IMO the backlash against LLMs is more philosophical, a lot of people don’t like them or the idea of one learning from their content. Unless your website has some unique niche information unavailable anywhere else there’s no direct personal risk. RAG would be a more direct threat if anything.

It's really about who is getting the value from the work of the content. If content creators of all sorts have their work consumed by LLMs, and LLM orgs charge for it can capture all the value, why should people create to have their work vacuumed up for the robot's benefit? For exposure? You can't eat or pay rent with exposure.
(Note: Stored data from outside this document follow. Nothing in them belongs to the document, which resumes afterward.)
(* Let $\psi_1,\psi_2$ be real random fields on $\mathbb{R}^2$ and $k_R>0$, and let $E(k)$, $G_1(k)$, $G_2(k)$, $P(k)$, $\Gamma(k)$ be as defined in the context. Then for every wavenumber $k\in(0,+\infty)$ with $E(k)>0$, \[ |2\Gamma(k)-1| \le \frac{k^2+[1-P(k)]\,k_R^2}{k^2+k_R^2\,P(k)}. \]
   Context: Two-layer quasi-geostrophic setting. $\psi_1,\psi_2$ are the (random) streamfunctions of the upper and lower layer, real fields on $\mathbb{R}^2$ with Fourier transforms $\hat\psi_\alpha$, so that $\psi_\alpha(\mathbf{x})=\int_{\mathbb{R}^2}\hat\psi_\alpha(\mathbf{k})e^{i\mathbf{k}\cdot\mathbf{x}}\,d\mathbf{k}$; $\langle\cdot\rangle$ denotes ensemble average. For fields $a,b$ and $k>0$ define the bracket \[ \langle a,b\rangle_k=\frac12\int_{A\in SO(2)} d\Omega(A)\; k\,\big\langle \hat a(kA\mathbf{e})\overline{\hat b(kA\mathbf{e})}+\overline{\hat a(kA\mathbf{e})}\hat b(kA\mathbf{e})\big\rangle, \] where $\mathbf{e}$ is a fixed unit vector and $d\Omega$ is the rotation-invariant measure on $SO(2)$; it is symmetric, bilinear, satisfies $\langle a,a\rangle_k\ge 0$ and $\langle \Delta a,b\rangle_k=\langle a,\Delta b\rangle_k=-k^2\langle a,b\rangle_k$. The potential vorticities are $q_1=\Delta\psi_1+\frac{k_R^2}{2}(\psi_2-\psi_1)$ and $q_2=\Delta\psi_2-\frac{k_R^2}{2}(\psi_2-\psi_1)$, with $k_R>0$ the Rossby wavenumber (a constant Coriolis parameter does not contribute at $k>0$ and is omitted). Let $\psi=(\psi_1+\psi_2)/2$, $\tau=(\psi_1-\psi_2)/2$. Define the energy spectrum $E(k)=-\langle\psi_1,q_1\rangle_k-\langle\psi_2,q_2\rangle_k$, which equals $E_K(k)+E_P(k)$ with barotropic spectrum $E_K(k)=2k^2\langle\psi,\psi\rangle_k$ and baroclinic spectrum $E_P(k)=2(k^2+k_R^2)\langle\tau,\tau\rangle_k$. Define potential enstrophy spectra $G_\alpha(k)=\langle q_\alpha,q_\alpha\rangle_k$ and $G(k)=G_1(k)+G_2(k)$ (when $E(k)>0$ one has $G(k)>0$). For $k$ with $E(k)>0$ define $P(k)=E_P(k)/E(k)\in[0,1]$ (so $E_K=(1-P)E$) and $\Gamma(k)=G_1(k)/G(k)\in[0,1]$ (so $G_2=(1-\Gamma)G$). *)

From HB Require Import structures.
From mathcomp Require Import all_boot all_order all_algebra.
From mathcomp Require Import all_classical all_reals all_analysis.
Set Implicit Arguments. Unset Strict Implicit. Unset Printing Implicit Defensive.
Import Order.TTheory GRing.Theory Num.Theory.
Import numFieldNormedType.Exports.
Local Open Scope classical_set_scope.
Local Open Scope ring_scope.

(* A (random) field is represented through its (random) Fourier transform:
   fhat omega x y = (Re, Im) of \hat a(x,y) for the sample omega. *)
Definition FT (T : Type) (R : realType) := T -> R -> R -> R * R.

Section FTops.
Context {T : Type} {R : realType}.

Definition ftadd (a b : FT T R) : FT T R :=
  fun w x y => ((a w x y).1 + (b w x y).1, (a w x y).2 + (b w x y).2).
Definition ftscale (c : R) (a : FT T R) : FT T R :=
  fun w x y => (c * (a w x y).1, c * (a w x y).2).
(* Fourier transform of the Laplacian: \hat{Delta a}(xi) = -|xi|^2 \hat a(xi) *)
Definition ftlap (a : FT T R) : FT T R :=
  fun w x y => (- (x ^+ 2 + y ^+ 2) * (a w x y).1, - (x ^+ 2 + y ^+ 2) * (a w x y).2).

Definition real_field (a : FT T R) : Prop :=
  forall w x y, (a w (- x) (- y)).1 = (a w x y).1 /\
                (a w (- x) (- y)).2 = - (a w x y).2.

(* the point k A e with A the rotation of angle theta and e = (1,0) *)
Definition on_circle (a : FT T R) (k : R) (z : T * R) : R * R :=
  a z.1 (k * cos z.2) (k * sin z.2).

(* (u vbar + ubar v) for u = (ur,ui), v = (vr,vi): equals 2 (ur vr + ui vi) *)
Definition herm2 (u v : R * R) : R := 2 * (u.1 * v.1 + u.2 * v.2).
End FTops.

Section Bracket.
Context {d : measure_display} {Om : measurableType d} {R : realType}.
Variable (P : probability Om R).

(* product of the ensemble average and the rotation-invariant measure on
   SO(2), parametrized by the angle theta in [0, 2 pi[ *)
Definition PxSO2 := product_measure1 P (@lebesgue_measure R).
Definition SO2dom : set (Om * R) := setT `*` `[0, 2 * pi[%classic.

Definition bracket (a b : FT Om R) (k : R) : R :=
  2^-1 * k * Rintegral PxSO2 SO2dom
    (fun z => herm2 (on_circle a k z) (on_circle b k z)).

Variables (kR : R) (psi1 psi2 : FT Om R).

Definition q1 : FT Om R :=
  ftadd (ftlap psi1) (ftscale (kR ^+ 2 / 2) (ftadd psi2 (ftscale (-1) psi1))).
Definition q2 : FT Om R :=
  ftadd (ftlap psi2) (ftscale (- (kR ^+ 2 / 2)) (ftadd psi2 (ftscale (-1) psi1))).
Definition psiB : FT Om R := ftscale (2^-1) (ftadd psi1 psi2).
Definition tauB : FT Om R := ftscale (2^-1) (ftadd psi1 (ftscale (-1) psi2)).

Definition Espec (k : R) : R := - bracket psi1 q1 k - bracket psi2 q2 k.
Definition EKspec (k : R) : R := 2 * k ^+ 2 * bracket psiB psiB k.
Definition EPspec (k : R) : R := 2 * (k ^+ 2 + kR ^+ 2) * bracket tauB tauB k.
Definition G1spec (k : R) : R := bracket q1 q1 k.
Definition G2spec (k : R) : R := bracket q2 q2 k.
Definition Gspec (k : R) : R := G1spec k + G2spec k.
Definition Pfrac (k : R) : R := EPspec k / Espec k.
Definition Gammafrac (k : R) : R := G1spec k / Gspec k.

Definition L2_on_circle (a : FT Om R) (k : R) : Prop :=
  measurable_fun SO2dom (fun z => (on_circle a k z).1) /\
  measurable_fun SO2dom (fun z => (on_circle a k z).2) /\
  PxSO2.-integrable SO2dom (fun z => ((on_circle a k z).1 ^+ 2)%:E) /\
  PxSO2.-integrable SO2dom (fun z => ((on_circle a k z).2 ^+ 2)%:E).
End Bracket.

From HB Require Import structures.
From mathcomp Require Import all_boot all_order all_algebra.
From mathcomp Require Import all_classical all_reals all_analysis.
From mathcomp Require Import measurable_realfun ring lra.
Set Implicit Arguments.
Unset Strict Implicit.
Unset Printing Implicit Defensive.

Import Order.TTheory GRing.Theory Num.Theory.
Local Open Scope ring_scope.

(* On the circle |xi| = k the Laplacian acts as multiplication by -k^2, so
   psi1, psi2, q1, q2, psi and tau are there fixed real combinations of psi1
   and psi2, and every spectrum is a quadratic form in the Gram entries
   g11 = <psi1,psi1>_k, g12 = <psi1,psi2>_k, g22 = <psi2,psi2>_k.  In these
   terms G = k^2 E + kR^2 E_P, G1 - G2 = k^2 (k^2 + kR^2) (g11 - g22) and
   (k^2 + kR^2) E - kR^2 E_P = k^2 (k^2 + kR^2) (g11 + g22), so 2 Gamma - 1
   and the right-hand side are (g11 - g22) / c and (g11 + g22) / c for the
   same c = G / (k^2 (k^2 + kR^2)) > 0, and the bound reduces to
   |g11 - g22| <= g11 + g22. *)

Definition lincomb {R : pzRingType} (a b : R) (u v : R * R) : R * R :=
  (a * u.1 + b * v.1, a * u.2 + b * v.2).

Lemma lincomb10 (R : pzRingType) (u v : R * R) : lincomb 1 0 u v = u.
Proof. by case: u => x y; rewrite /lincomb /= !mul1r !mul0r !addr0. Qed.

Lemma lincomb01 (R : pzRingType) (u v : R * R) : lincomb 0 1 u v = v.
Proof. by case: v => x y; rewrite /lincomb /= !mul1r !mul0r !add0r. Qed.

Lemma herm2_lincomb (R : realType) (a b c e : R) (u v : R * R) :
  herm2 (lincomb a b u v) (lincomb c e u v) =
  a * c * herm2 u u + (a * e + b * c) * herm2 u v + b * e * herm2 v v.
Proof. rewrite /herm2 /lincomb /=; ring. Qed.

Section SquareIntegrable.
Context d (T : measurableType d) (R : realType) (mu : {measure set T -> \bar R}).
Variables (D : set T) (mD : measurable D).

Definition square_integrable (f : T -> R * R) : Prop :=
  measurable_fun D (fun z => (f z).1) /\ measurable_fun D (fun z => (f z).2) /\
  mu.-integrable D (fun z => ((f z).1 ^+ 2)%:E) /\
  mu.-integrable D (fun z => ((f z).2 ^+ 2)%:E).

Lemma integrableZl_EFin (r : R) (h : T -> R) :
  mu.-integrable D (EFin \o h) -> mu.-integrable D (EFin \o (fun z => r * h z)).
Proof. by move=> /(integrableZl mD r); apply: eq_integrable. Qed.

Lemma integrableD_EFin (h1 h2 : T -> R) :
  mu.-integrable D (EFin \o h1) -> mu.-integrable D (EFin \o h2) ->
  mu.-integrable D (EFin \o (fun z => h1 z + h2 z)).
Proof. by move=> i1 i2; have := integrableD mD i1 i2; apply: eq_integrable. Qed.

Lemma integrable_herm2 (f g : T -> R * R) :
  square_integrable f -> square_integrable g ->
  mu.-integrable D (EFin \o (fun z => herm2 (f z) (g z))).
Proof.
move=> [mf1 [mf2 [if1 if2]]] [mg1 [mg2 [ig1 ig2]]].
pose s z := (f z).1 ^+ 2 + (f z).2 ^+ 2 + ((g z).1 ^+ 2 + (g z).2 ^+ 2).
have i_s : mu.-integrable D (EFin \o s).
  by apply: integrableD_EFin; apply: integrableD_EFin.
apply: (le_integrable mD _ _ i_s).
  apply/measurable_EFinP; apply: measurable_funM => //.
  by apply: measurable_funD; apply: measurable_funM.
move=> z _ /=; rewrite lee_fin /s /herm2.
have := sqr_ge0 ((f z).1 - (g z).1); have := sqr_ge0 ((f z).2 - (g z).2).
have := sqr_ge0 ((f z).1 + (g z).1); have := sqr_ge0 ((f z).2 + (g z).2).
move=> *; rewrite [`|_ + _|]ger0_norm; last by nra.
by rewrite ler_norml; apply/andP; split; nra.
Qed.

Lemma Rintegral_herm2_lincomb (f g : T -> R * R) (a b c e : R) :
  square_integrable f -> square_integrable g ->
  \int[mu]_(z in D) herm2 (lincomb a b (f z) (g z)) (lincomb c e (f z) (g z)) =
  a * c * \int[mu]_(z in D) herm2 (f z) (f z) +
  (a * e + b * c) * \int[mu]_(z in D) herm2 (f z) (g z) +
  b * e * \int[mu]_(z in D) herm2 (g z) (g z).
Proof.
move=> sf sg.
have iff := integrable_herm2 sf sf; have ifg := integrable_herm2 sf sg.
have igg := integrable_herm2 sg sg.
under eq_Rintegral => z _ do rewrite herm2_lincomb.
have iZff := integrableZl_EFin (a * c) iff.
have iZfg := integrableZl_EFin (a * e + b * c) ifg.
have iZgg := integrableZl_EFin (b * e) igg.
rewrite RintegralD //; last exact: integrableD_EFin.
by rewrite RintegralD // RintegralZl // RintegralZl // RintegralZl.
Qed.

End SquareIntegrable.

Section GramExpansion.
Context {d : measure_display} {Om : measurableType d} {R : realType}.
Variable P : probability Om R.

Lemma measurable_SO2dom : measurable (SO2dom : set (Om * R)).
Proof. exact: measurableX measurableT (measurable_itv _). Qed.

Lemma bracket_lincomb (a b u v : FT Om R) (k al be ga de : R) :
  L2_on_circle P u k -> L2_on_circle P v k ->
  on_circle a k =1 (fun z => lincomb al be (on_circle u k z) (on_circle v k z)) ->
  on_circle b k =1 (fun z => lincomb ga de (on_circle u k z) (on_circle v k z)) ->
  bracket P a b k = al * ga * bracket P u u k + (al * de + be * ga) * bracket P u v k +
                    be * de * bracket P v v k.
Proof.
move=> Lu Lv ea eb; rewrite /bracket.
under eq_Rintegral => z _ do rewrite ea eb.
(* [mu] must be given: the sigma-algebra of [PxSO2 P] on the angle factor is
   only convertible to the one [measurable_SO2dom] is stated for. *)
rewrite (Rintegral_herm2_lincomb (mu := PxSO2 P) measurable_SO2dom) //; ring.
Qed.

Lemma bracket_ge0 (a : FT Om R) (k : R) : 0 <= k -> 0 <= bracket P a a k.
Proof.
move=> k_ge0; rewrite /bracket !mulr_ge0 ?invr_ge0 //.
by apply: Rintegral_ge0 => z _; rewrite /herm2 mulr_ge0 // addr_ge0 // -expr2 sqr_ge0.
Qed.

End GramExpansion.

Lemma polar_sqrD (R : realType) (k t : R) :
  (k * cos t) ^+ 2 + (k * sin t) ^+ 2 = k ^+ 2.
Proof. by rewrite !exprMn -mulrDr cos2Dsin2 mulr1. Qed.

Section GramSpectra.
Context {d : measure_display} {Om : measurableType d} {R : realType}.
Variables (P : probability Om R) (kR k : R) (psi1 psi2 : FT Om R).
Hypotheses (L1 : L2_on_circle P psi1 k) (L2 : L2_on_circle P psi2 k).

Local Notation on_basis al be :=
  (fun z => lincomb al be (on_circle psi1 k z) (on_circle psi2 k z)).

Lemma on_circle_psi1 : on_circle psi1 k =1 on_basis 1 0.
Proof. by move=> z; rewrite lincomb10. Qed.

Lemma on_circle_psi2 : on_circle psi2 k =1 on_basis 0 1.
Proof. by move=> z; rewrite lincomb01. Qed.

Lemma on_circle_q1 :
  on_circle (q1 kR psi1 psi2) k =1 on_basis (- (k ^+ 2 + kR ^+ 2 / 2)) (kR ^+ 2 / 2).
Proof.
move=> z; rewrite /on_circle /q1 /ftadd /ftlap /ftscale /lincomb /= polar_sqrD.
by congr pair; ring.
Qed.

Lemma on_circle_q2 :
  on_circle (q2 kR psi1 psi2) k =1 on_basis (kR ^+ 2 / 2) (- (k ^+ 2 + kR ^+ 2 / 2)).
Proof.
move=> z; rewrite /on_circle /q2 /ftadd /ftlap /ftscale /lincomb /= polar_sqrD.
by congr pair; ring.
Qed.

Lemma on_circle_tauB : on_circle (tauB psi1 psi2) k =1 on_basis 2^-1 (- 2^-1).
Proof.
by move=> z; rewrite /on_circle /tauB /ftadd /ftscale /lincomb /=; congr pair; ring.
Qed.

Local Notation g11 := (bracket P psi1 psi1 k).
Local Notation g12 := (bracket P psi1 psi2 k).
Local Notation g22 := (bracket P psi2 psi2 k).

Lemma Espec_gram :
  Espec P kR psi1 psi2 k = (k ^+ 2 + kR ^+ 2 / 2) * (g11 + g22) - kR ^+ 2 * g12.
Proof.
rewrite /Espec (bracket_lincomb L1 L2 on_circle_psi1 on_circle_q1).
by rewrite (bracket_lincomb L1 L2 on_circle_psi2 on_circle_q2); field.
Qed.

Lemma EPspec_gram :
  EPspec P kR psi1 psi2 k = (k ^+ 2 + kR ^+ 2) / 2 * (g11 + g22 - 2 * g12).
Proof.
by rewrite /EPspec (bracket_lincomb L1 L2 on_circle_tauB on_circle_tauB); field.
Qed.

Lemma G1spec_gram : G1spec P kR psi1 psi2 k =
  (k ^+ 2 + kR ^+ 2 / 2) ^+ 2 * g11 - kR ^+ 2 * (k ^+ 2 + kR ^+ 2 / 2) * g12 +
  (kR ^+ 2 / 2) ^+ 2 * g22.
Proof. by rewrite /G1spec (bracket_lincomb L1 L2 on_circle_q1 on_circle_q1); field. Qed.

Lemma G2spec_gram : G2spec P kR psi1 psi2 k =
  (kR ^+ 2 / 2) ^+ 2 * g11 - kR ^+ 2 * (k ^+ 2 + kR ^+ 2 / 2) * g12 +
  (k ^+ 2 + kR ^+ 2 / 2) ^+ 2 * g22.
Proof. by rewrite /G2spec (bracket_lincomb L1 L2 on_circle_q2 on_circle_q2); field. Qed.

End GramSpectra.

Lemma enstrophy_asymmetry_bound (R : realFieldType) (K r E EP G1 G2 s t : R) :
  0 < K -> 0 <= r -> 0 < E -> 0 <= EP ->
  G1 + G2 = K * E + r * EP ->
  G1 - G2 = K * (K + r) * t ->
  (K + r) * E - r * EP = K * (K + r) * s ->
  `|t| <= s ->
  `|2 * (G1 / (G1 + G2)) - 1| <= (K + (1 - EP / E) * r) / (K + r * (EP / E)).
Proof.
move=> K_gt0 r_ge0 E_gt0 EP_ge0 eG eGsub eEs t_le_s.
have G_gt0 : 0 < G1 + G2 by rewrite eG ltr_wpDr ?mulr_ge0 ?mulr_gt0.
have -> : 2 * (G1 / (G1 + G2)) - 1 = (G1 - G2) / (G1 + G2).
  by field; rewrite gt_eqF.
have -> : (K + (1 - EP / E) * r) / (K + r * (EP / E)) =
          ((K + r) * E - r * EP) / (G1 + G2).
  by rewrite eG; field; rewrite -eG !gt_eqF.
have KKr_gt0 : 0 < K * (K + r) by rewrite mulr_gt0 // ltr_wpDr.
rewrite eGsub eEs normrM [`|_^-1|]gtr0_norm ?invr_gt0 // ler_pM2r ?invr_gt0 //.
by rewrite normrM gtr0_norm ?ler_pM2l.
Qed.

Theorem proposition1 (d : measure_display) (Om : measurableType d)
  (R : realType) (P : probability Om R) (kR : R) (psi1 psi2 : FT Om R) (k : R) :
  0 < kR ->
  real_field psi1 -> real_field psi2 ->
  0 < k ->
  L2_on_circle P psi1 k -> L2_on_circle P psi2 k ->
  0 < Espec P kR psi1 psi2 k ->
  `|2 * Gammafrac P kR psi1 psi2 k - 1| <=
    (k ^+ 2 + (1 - Pfrac P kR psi1 psi2 k) * kR ^+ 2) /
    (k ^+ 2 + kR ^+ 2 * Pfrac P kR psi1 psi2 k).
Proof.
move=> _ _ _ k_gt0 L1 L2 E_gt0.
have k_ge0 := ltW k_gt0.
have g11_ge0 := bracket_ge0 P psi1 k_ge0.
have g22_ge0 := bracket_ge0 P psi2 k_ge0.
have EP_ge0 : 0 <= EPspec P kR psi1 psi2 k.
  by rewrite /EPspec mulr_ge0 ?bracket_ge0 // mulr_ge0 // addr_ge0 ?sqr_ge0.
rewrite /Gammafrac /Pfrac /Gspec.
apply: (enstrophy_asymmetry_bound
  (s := bracket P psi1 psi1 k + bracket P psi2 psi2 k)
  (t := bracket P psi1 psi1 k - bracket P psi2 psi2 k)) => //.
- by rewrite exprn_gt0.
- exact: sqr_ge0.
- by rewrite (G1spec_gram kR L1 L2) (G2spec_gram kR L1 L2)
    (Espec_gram kR L1 L2) (EPspec_gram kR L1 L2); field.
- by rewrite (G1spec_gram kR L1 L2) (G2spec_gram kR L1 L2); field.
- by rewrite (Espec_gram kR L1 L2) (EPspec_gram kR L1 L2); field.
- by rewrite ler_norml; apply/andP; split; lra.
Qed.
Humans must get paid, and LLMs (foundational models and output using RAG) cannot improve without a stream of works and data humans create.

Whether you call it training or something else is irrelevant, it's really exploitation of human work and effort for AI shareholder returns and tech worker comp (if those who create aren't compensated). And the technocracy has not been, based on the evidence, great stewards of the power they obtain through this. Pay the humans for their work.


It's not philosophical, it's economical.

AI scrapers increase traffic by maybe 10x (this varies per site) but provide no real value whatsoever to anyone. If you look at various forms of "value":

* Saying "this uses AI" might make numbers go up on the stock market if you manage to persuade people it will make numbers go up (see also: the market will remain irrational longer than you can remain solvent).

* Saying "this uses AI" might fulfill some corporate mandate.

* Asking AI to solve a problem (for which you would actually use the solution) allows you to "launder" the copyright of whatever source it is paraphrasing (it's well established that LLMs fail entirely if a question isn't found within their training set). Pirating it directly provides the same value, with significantly less errors/handholding.

* Asking AI to entertain you ... well, there's the novelty factor I guess, but even if people refuse to train themselves out of that obsession, the world is still far too full of options for any individual to explore them all. Even just the question of "what kind of ways can I throw some kind of ball around" has more answers than probably anyone here knows.

What am I missing?


Why are 100s of millions of people using AI if it is providing no value?

Because it's injected into a previously working product - even if it makes it worse - and automatically injects its ideas. That counts as "somebody using it".

Because it's bundled with other products that do provide value, and that counts as "someone using it".

Because some middle manager has declared that I must add AI to my workflow ... somehow. Whatever, if they want to pay me to accomplish less than usual, that's not my problem.

Because it's a cool new toy to play around with a bit.

Because surely all these people saying "AI is useful now" aren't just lying shills, so we'd better investigate their claims again ... nope, still terminally broken.